# What the exercise asks
Among the lines below, copy exactly those from the one with "Lemma reach_within_le m" through the one with "(forall n, exists m, f", counting both ends.

[Stored data]
(* Let $A$ be a bounded linear operator on a complex Hilbert space $\mathcal{H}$ whose numerical range $W(A) = \{\langle Ax, x\rangle : x \in \mathcal{H}, \|x\| = 1\}$ is elliptical, i.e. (up to closure) $W(A)$ is a region in $\mathbb{C}$ bounded by an ellipse. Then \[ \|A^*A - AA^*\| \le \frac{4}{\pi}\, S(W(A)), \] where $S(W(A))$ denotes the area (planar Lebesgue measure) of $W(A)$. *)

From HB Require Import structures.
From mathcomp Require Import all_boot all_order all_algebra.
From mathcomp Require Import all_classical all_reals all_analysis.
From mathcomp Require Import complex.
Set Implicit Arguments. Unset Strict Implicit. Unset Printing Implicit Defensive.
Import Order.TTheory GRing.Theory Num.Theory numFieldNormedType.Exports.
Local Open Scope classical_set_scope.
Local Open Scope ring_scope.
Local Open Scope complex_scope.

Section Hilbert.
Variables (R : realType) (H : lmodType R[i]) (ip : H -> H -> R[i]).

Definition hnorm (x : H) : R := Num.sqrt (complex.Re (ip x x)).

Definition is_inner_product : Prop :=
  [/\ (forall (a : R[i]) (x y z : H), ip (a *: x + y) z = a * ip x z + ip y z),
      (forall x y : H, ip y x = conjc (ip x y)),
      (forall x : H, 0 <= ip x x) &
      (forall x : H, ip x x = 0 -> x = 0)].

Definition is_complete : Prop :=
  forall u : nat -> H,
    (forall e : R, 0 < e -> exists N : nat, forall m n : nat,
        (N <= m)%N -> (N <= n)%N -> hnorm (u m - u n) < e) ->
    exists l : H, forall e : R, 0 < e -> exists N : nat, forall n : nat,
        (N <= n)%N -> hnorm (u n - l) < e.

Definition is_hilbert : Prop := is_inner_product /\ is_complete.

Definition bounded_op (A : H -> H) : Prop :=
  exists M : R, forall x : H, hnorm (A x) <= M * hnorm x.

Definition is_adjoint (A B : H -> H) : Prop :=
  forall x y : H, ip (A x) y = ip x (B y).

Definition opnorm (T : H -> H) : R :=
  sup [set hnorm (T x) | x in [set x : H | hnorm x <= 1]].

Definition numerical_range (A : H -> H) : set R[i] :=
  [set ip (A x) x | x in [set x : H | hnorm x = 1]].
End Hilbert.

Definition toR2 (R : realType) (z : R[i]) : R * R := (complex.Re z, complex.Im z).

(* closed region bounded by an ellipse with center (cx,cy), semi-axes a,b > 0,
   rotated by the angle whose (cos, sin) is (p, q) *)
Definition ellipse_region (R : realType) (cx cy a b p q : R) : set (R * R) :=
  [set z | exists x y : R, (x / a) ^+ 2 + (y / b) ^+ 2 <= 1 /\
           z = (cx + p * x - q * y, cy + q * x + p * y)].

Definition elliptical (R : realType) (W : set R[i]) : Prop :=
  exists cx cy a b p q : R, [/\ 0 < a, 0 < b, p ^+ 2 + q ^+ 2 = 1 &
    closure (@toR2 R @` W) = ellipse_region cx cy a b p q].

(* planar Lebesgue measure (area) of W; since the boundary of an ellipse is
   null, we measure the (Borel) closure of W *)
Definition area (R : realType) (W : set R[i]) : \bar R :=
  ((@lebesgue_measure R) \x (@lebesgue_measure R))%E (closure (@toR2 R @` W)).

(* Write A = c + w B with |w| = 1, where c is the centre of the ellipse and w
   its rotation, so that the numerical range of B lies in the rectangle [-a, a] x [-b, b]
   spanned by the semi-axes; then A^*A - AA^* = B^*B - BB^*.  With B = X + iY, X and Y
   self-adjoint, the numerical ranges of X and Y lie in [-a, a] and [-b, b], so ||X|| <= a
   and ||Y|| <= b by polarization, and B^*B - BB^* = 2i(XY - YX) has norm at most 4ab.
   Finally the ellipse has area pi a b, bounded below by integrating the lengths of its
   vertical sections. *)

From HB Require Import structures.
From mathcomp Require Import all_boot all_order all_algebra.
From mathcomp Require Import all_classical all_reals all_analysis.
From mathcomp Require Import complex.
From mathcomp Require Import ring lra.
Set Implicit Arguments. Unset Strict Implicit. Unset Printing Implicit Defensive.
Import Order.TTheory GRing.Theory Num.Theory numFieldNormedType.Exports.
Local Open Scope ring_scope.

(* Unqualified, [Re] and [Im] would be the parts in a numClosedFieldType. *)
Local Notation Re := (@complex.Re _).
Local Notation Im := (@complex.Im _).

Section ComplexParts.
Variable R : rcfType.
Implicit Types (x y : R[i]) (k : R).
Local Open Scope complex_scope.
Lemma ReD x y : Re (x + y) = Re x + Re y. Proof. by case: x y => [? ?] [? ?]. Qed.
Lemma ImD x y : Im (x + y) = Im x + Im y. Proof. by case: x y => [? ?] [? ?]. Qed.
Lemma ReN x : Re (- x) = - Re x. Proof. by case: x. Qed.
Lemma ImN x : Im (- x) = - Im x. Proof. by case: x. Qed.
Lemma ReM x y : Re (x * y) = Re x * Re y - Im x * Im y.
Proof. by case: x y => [? ?] [? ?]. Qed.
Lemma ImM x y : Im (x * y) = Re x * Im y + Im x * Re y.
Proof. by case: x y => [? ?] [? ?]. Qed.
Lemma ReJ x : Re (conjc x) = Re x. Proof. by case: x. Qed.
Lemma ImJ x : Im (conjc x) = - Im x. Proof. by case: x. Qed.
Lemma ReCx k l : Re (k +i* l) = k. Proof. by []. Qed.
Lemma ImCx k l : Im (k +i* l) = l. Proof. by []. Qed.
Lemma complexP x y : Re x = Re y -> Im x = Im y -> x = y.
Proof. by case: x y => [? ?] [? ?] /= -> ->. Qed.

Definition ReImE := (ReD, ImD, ReN, ImN, ReM, ImM, ReJ, ImJ, ReCx, ImCx).
End ComplexParts.

Lemma morphN_of_morphD (U V : zmodType) (f : U -> V) :
  {morph f : u v / u + v} -> {morph f : u / - u}.
Proof.
move=> fD u; have f0 : f 0 = 0 by apply: (addrI (f 0)); rewrite -fD !addr0.
by apply/eqP; rewrite -addr_eq0 -fD addNr f0.
Qed.
(* Let $\mathcal{M}=(S,E,T)$ be a trivially parametric Markov chain in which every non-target state has at least two successors. Then there is a trivially parametric Markov chain $\mathcal{N}=(S',E',T)$ with $S\subseteq S'$ and $|sE'|=2$ for all $s\in S'\setminus T$, such that for every graph-preserving valuation $\mathsf{val}$ of $\mathcal{M}$ there is a graph-preserving valuation $\mathsf{val}'$ of $\mathcal{N}$ with $\mathbb{P}^s_{\mathcal{M}^{\mathsf{val}}}[\Diamond\mathit{fin}]=\mathbb{P}^s_{\mathcal{N}^{\mathsf{val}'}}[\Diamond\mathit{fin}]$ for all $s\in S$, and conversely for every graph-preserving valuation $\mathsf{val}'$ of $\mathcal{N}$ there is a graph-preserving valuation $\mathsf{val}$ of $\mathcal{M}$ with the same equalities.
   Context: A trivially parametric Markov chain $\mathcal{M}=(S,E,T)$ consists of a finite set of states $S$, targets $T=\{\mathit{fin},\mathit{fail}\}$ with no outgoing edges, and edges $E\subseteq (S\setminus T)\times S$; $sE$ is the successor set of $s$. A graph-preserving valuation assigns to each non-target $s$ a probability distribution with full support on $sE$; the resulting Markov chain is $\mathcal{M}^{\mathsf{val}}$, and $\mathbb{P}^s_{\mathcal{M}^{\mathsf{val}}}[\Diamond\mathit{fin}]$ is the probability of reaching $\mathit{fin}$ from $s$ in it. *)

From HB Require Import structures.
From mathcomp Require Import all_boot all_order all_algebra.
From mathcomp Require Import classical_sets reals.
Set Implicit Arguments. Unset Strict Implicit. Unset Printing Implicit Defensive.
Import Order.TTheory GRing.Theory Num.Theory.
Local Open Scope ring_scope.

(* A trivially parametric Markov chain (S, E, T) with T = {fin, fail}:
   S a finite type of states, fin <> fail, E : rel S the edge relation,
   and the targets have no outgoing edges. *)
Definition is_tpMC (S : finType) (fin fail : S) (E : rel S) : Prop :=
  fin != fail /\ (forall t, E fin t = false /\ E fail t = false).

Definition is_target (S : finType) (fin fail : S) (s : S) : bool :=
  (s == fin) || (s == fail).

Definition succs (S : finType) (E : rel S) (s : S) : {set S} := [set t | E s t].

Definition graph_preserving (R : realType) (S : finType) (fin fail : S)
  (E : rel S) (val : S -> S -> R) : Prop :=
  forall s, ~~ is_target fin fail s ->
    (forall t, E s t -> 0 < val s t) /\
    (forall t, ~~ E s t -> val s t = 0) /\
    \sum_(t : S) val s t = 1.

Fixpoint reach_within (R : realType) (S : finType) (fin fail : S)
  (val : S -> S -> R) (n : nat) (s : S) : R :=
  if is_target fin fail s then (s == fin)%:R
  else match n with
       | 0 => 0
       | n'.+1 => \sum_(t : S) val s t * reach_within fin fail val n' t
       end.

Definition reach_prob (R : realType) (S : finType) (fin fail : S)
  (val : S -> S -> R) (s : S) : R :=
  sup (range (fun n => reach_within fin fail val n s)).

From HB Require Import structures.
From mathcomp Require Import all_boot all_order all_algebra.
From mathcomp Require Import classical_sets reals.
From mathcomp Require Import ring.
Import Order.TTheory GRing.Theory Num.Theory.
Local Open Scope ring_scope.
Set Implicit Arguments. Unset Strict Implicit. Unset Printing Implicit Defensive.

(* Each non-target s with successors a_1, ..., a_k is unfolded into a chain of
   k - 1 binary nodes: the i-th node moves to a_i or to the next node, the last
   one to a_(k-1) or a_k.  A distribution p on sE becomes the branching
   probabilities p(a_i) / (p(a_i) + ... + p(a_k)); conversely, arbitrary
   branching probabilities define, as the probabilities of leaving the chain
   towards each a_i, a distribution on sE with full support.  Either way the
   chain of s is left towards a_i with probability p(a_i), after between 1 and
   |S| steps, so n-step reachability in the original chain is squeezed between
   the binary one at n steps and at n * |S| steps, and the suprema agree. *)

Definition stochastic (R : realType) (T : finType) (fin fail : T)
    (v : T -> T -> R) : Prop :=
  forall s, ~~ is_target fin fail s -> (forall t, 0 <= v s t) /\ \sum_t v s t = 1.

Lemma graph_preserving_stochastic (R : realType) (T : finType) (fin fail : T)
    (E : rel T) (v : T -> T -> R) :
  graph_preserving fin fail E v -> stochastic fin fail v.
Proof.
move=> gp s /gp [v_gt0 [v_eq0 v_sum]]; split=> // t.
by case: (boolP (E s t)) => [/v_gt0/ltW | /v_eq0 ->].
Qed.

Section ReachWithin.
Variables (R : realType) (T : finType) (fin fail : T) (v : T -> T -> R).
Local Notation rw := (reach_within fin fail v).

Lemma reach_within_target n s : is_target fin fail s -> rw n s = (s == fin)%:R.
Proof. by case: n => [|n] /= ->. Qed.

Lemma reach_within0 s : ~~ is_target fin fail s -> rw 0 s = 0.
Proof. by move=> /negbTE /= ->. Qed.

Lemma reach_withinS n s :
  ~~ is_target fin fail s -> rw n.+1 s = \sum_t v s t * rw n t.
Proof. by move=> /negbTE /= ->. Qed.

Hypothesis v_stoch : stochastic fin fail v.

Lemma reach_within_bounds n s : 0 <= rw n s <= 1.
Proof.
elim: n s => [|n IH] s; have [s_tgt|s_ntgt] := boolP (is_target fin fail s).
- by rewrite reach_within_target // ler0n lern1 leq_b1.
- by rewrite reach_within0 // lexx ler01.
- by rewrite reach_within_target // ler0n lern1 leq_b1.
- have [v_ge0 v_sum] := v_stoch s_ntgt.
  rewrite reach_withinS // sumr_ge0 => [|t _]; last first.
    by rewrite mulr_ge0 //; case/andP: (IH t).
  rewrite -v_sum ler_sum // => t _.
  by rewrite ler_piMr //; case/andP: (IH t).
Qed.

Lemma reach_within_ge0 n s : 0 <= rw n s.
Proof. by case/andP: (reach_within_bounds n s). Qed.

Lemma reach_within_le1 n s : rw n s <= 1.
Proof. by case/andP: (reach_within_bounds n s). Qed.

Lemma reach_within_le_succ n s : rw n s <= rw n.+1 s.
Proof.
elim: n s => [|n IH] s; have [s_tgt|s_ntgt] := boolP (is_target fin fail s).
- by rewrite !reach_within_target.
- by rewrite reach_within0 // reach_within_ge0.
- by rewrite !reach_within_target.
- have [v_ge0 _] := v_stoch s_ntgt.
  by rewrite !reach_withinS // ler_sum // => t _; rewrite ler_wpM2l.
Qed.

Lemma reach_within_le m n s : (m <= n)%N -> rw m s <= rw n s.
Proof.
move=> /subnKC <-; elim: (n - m)%N => [|k IH]; first by rewrite addn0.
by rewrite addnS (le_trans IH) // reach_within_le_succ.
Qed.

End ReachWithin.

Lemma sup_range_eq (R : realType) (f g : nat -> R) :
  has_ubound (range f) ->
  (forall n, exists m, f n <= g m) -> (forall n, exists m, g n <= f m) ->
  sup (range f) = sup (range g).
Proof.
move=> [b ub_f] fg gf.
have ub_g : ubound (range g) b.
  by move=> _ [n _ <-]; have [m /le_trans -> //] := gf n; apply: ub_f; exists m.
have cofinal (h k : nat -> R) :
    (forall n, exists m, h n <= k m) -> (range h `<=` down (range k))%classic.
  by move=> hk _ [n _ <-]; have [m le_nm] := hk n; apply/downP; exists (k m).
have nonempty (h : nat -> R) : (range h !=set0)%classic by exists (h 0%N), 0%N.
apply/eqP; rewrite eq_le !sup_le //; first [exact: cofinal | by split; last exists b].
Qed.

# Result
Lemma reach_within_le m n s : (m <= n)%N -> rw m s <= rw n s.
Proof.
move=> /subnKC <-; elim: (n - m)%N => [|k IH]; first by rewrite addn0.
by rewrite addnS (le_trans IH) // reach_within_le_succ.
Qed.

End ReachWithin.

Lemma sup_range_eq (R : realType) (f g : nat -> R) :
  has_ubound (range f) ->
  (forall n, exists m, f n <= g m) -> (forall n, exists m, g n <= f m) ->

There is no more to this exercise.